Kyle and Katina Connaughton are the couple behind SingleThread, a source-focused, farm-driven restaurant and inn concept that offers time-honored preparations of seasonally inspired cuisine and a uniquely curated taste of Sonoma Wine Country. Husband and wife are co-owners of this restaurant in Healdsburg (California), awarded with three Michelin stars in 2018, where Kyle is in charge of the kitchen and Katina leads the farm where most of their produce is grown. Kyle began his culinary career in Los Angeles with an apprenticeship at one of the oldest Japanese restaurants in the city and continued training in both pastry and savory at other famous restaurants. This was followed by several years cooking in Japan for the chef Michel Bras and in numerous traditional Japanese cuisine restaurants. In 2006, Kyle joined Heston Blumenthal to become the Head Chef of Research and Development for the Fat Duck Experimental Kitchen. He is a co-developer of the Culinary Science Bachelors Degree program for the CIA, and co-author of the book Donabe – Classic and Modern Japanese Clay Pot Cooking.

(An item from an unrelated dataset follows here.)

(* Assume $n_i(1)+n_i(0)>0$ for every link $i$. A point $\xi\in\Xi$ satisfies $\partial L(\xi)/\partial\xi=0$ if and only if, for every link $i\in E$, $$\xi_i=(1-r_i)+r_i\cdot\mathbf 1(i\notin\mathscr S)\cdot\prod_{j\in B_i}\xi_j .$$ In particular $\xi_i=1-r_i$ for $i\in\mathscr S$, and for a non-root link $i$, $\pi_i:=\prod_{j\in B_i}\xi_j$ satisfies $\pi_i=\prod_{j\in B_i}\big[(1-r_j)+r_j\pi_i\big]$.
   Context: Network: a finite set of directed links $E=\{1,\dots,m\}$ between nodes, forming a directed acyclic graph. For a link $i$, $C_i$ is the set of links whose tail is the head of $i$ (child links); $B_i$ is the set of links having the same tail as $i$ (brother links, including $i$ itself); $F_i$ is the set of links whose head is the tail of $i$ (parent links). A link $i$ is a leaf link if $C_i=\emptyset$; $R_i$ is the set of leaf links that are descendants of $i$ (including $i$ itself if $i$ is a leaf). The network is covered by $K\ge1$ multicast trees $T_1,\dots,T_K$: $T_k$ has a root link $S_k$ whose tail is a source node with no incoming link ($F_{S_k}=\emptyset$); its link set $E_k$ consists of $S_k$ and all descendants of $S_k$; every link $i\in E_k\setminus\{S_k\}$ has exactly one parent link in $E_k$, denoted $f^{(k)}_i\in F_i\cap E_k$; every link belongs to some $E_k$; each root link $S_k$ belongs only to $E_k$. $\mathscr S=\{S_1,\dots,S_K\}$. Loss model: each link $i$ has loss rate $\theta_i\in(0,1)$. From the source of tree $T_k$, $n_k$ probes are sent; $X^{(k,t)}_i=1$ if probe $t$ of tree $k$ reached the head of link $i\in E_k$; a probe at the tail of link $i$ traverses it with probability $1-\theta_i$, independently across links, probes and trees; only leaf links are observed. Internal views: $Y^{(k,t)}_i=\max_{r\in R_i}X^{(k,t)}_r$ for $i\in E_k$; $n_{k,i}(1)=\sum_{t=1}^{n_k}Y^{(k,t)}_i$ for $i\in E_k$ and $0$ otherwise; $n_{k,S_k}(0)=n_k-n_{k,S_k}(1)$, $n_{k,i}(0)=n_{k,f^{(k)}_i}(1)-n_{k,i}(1)$ for $i\in E_k\setminus\{S_k\}$, and $0$ for $i\notin E_k$; $n_i(1)=\sum_k n_{k,i}(1)$, $n_i(0)=\sum_k n_{k,i}(0)$; $r_i=n_i(1)/(n_i(1)+n_i(0))$. $\Xi$ is the set of $\xi\in(0,1)^m$ with $\xi_i>\prod_{j\in C_i}\xi_j$ for every non-leaf link $i$, and the log-likelihood of the observed data in terms of $\xi\in\Xi$ is $L(\xi)=\sum_{i\in E}\big[n_i(1)\log\frac{1-\xi_i}{1-\prod_{j\in C_i}\xi_j}+n_i(0)\log\xi_i\big]$, with the empty product over $C_i=\emptyset$ equal to $0$. *)

From Stdlib Require Import Reals List Arith Relations ClassicalEpsilon.
Import ListNotations.
Open Scope R_scope.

Katina heads the five acre farm property, greenhouses, heirloom orchards, bee hives, and livestock as well as the foraging program and floral department. She began her first foray into farming while living in a rural agricultural community in Hokkaido, Japan. She continued culinary gardening on a Victorian estate property in England before moving to Sonoma to complete her coursework in Sustainable Agriculture and Horticulture. Katina was greenhouse manager for the Ag Program of Santa Rosa Junior College and has farmed at Davis Family Winery and The Barlow. Kyle and Katina also founded in 2014 the culinary development firm Pilot R+D.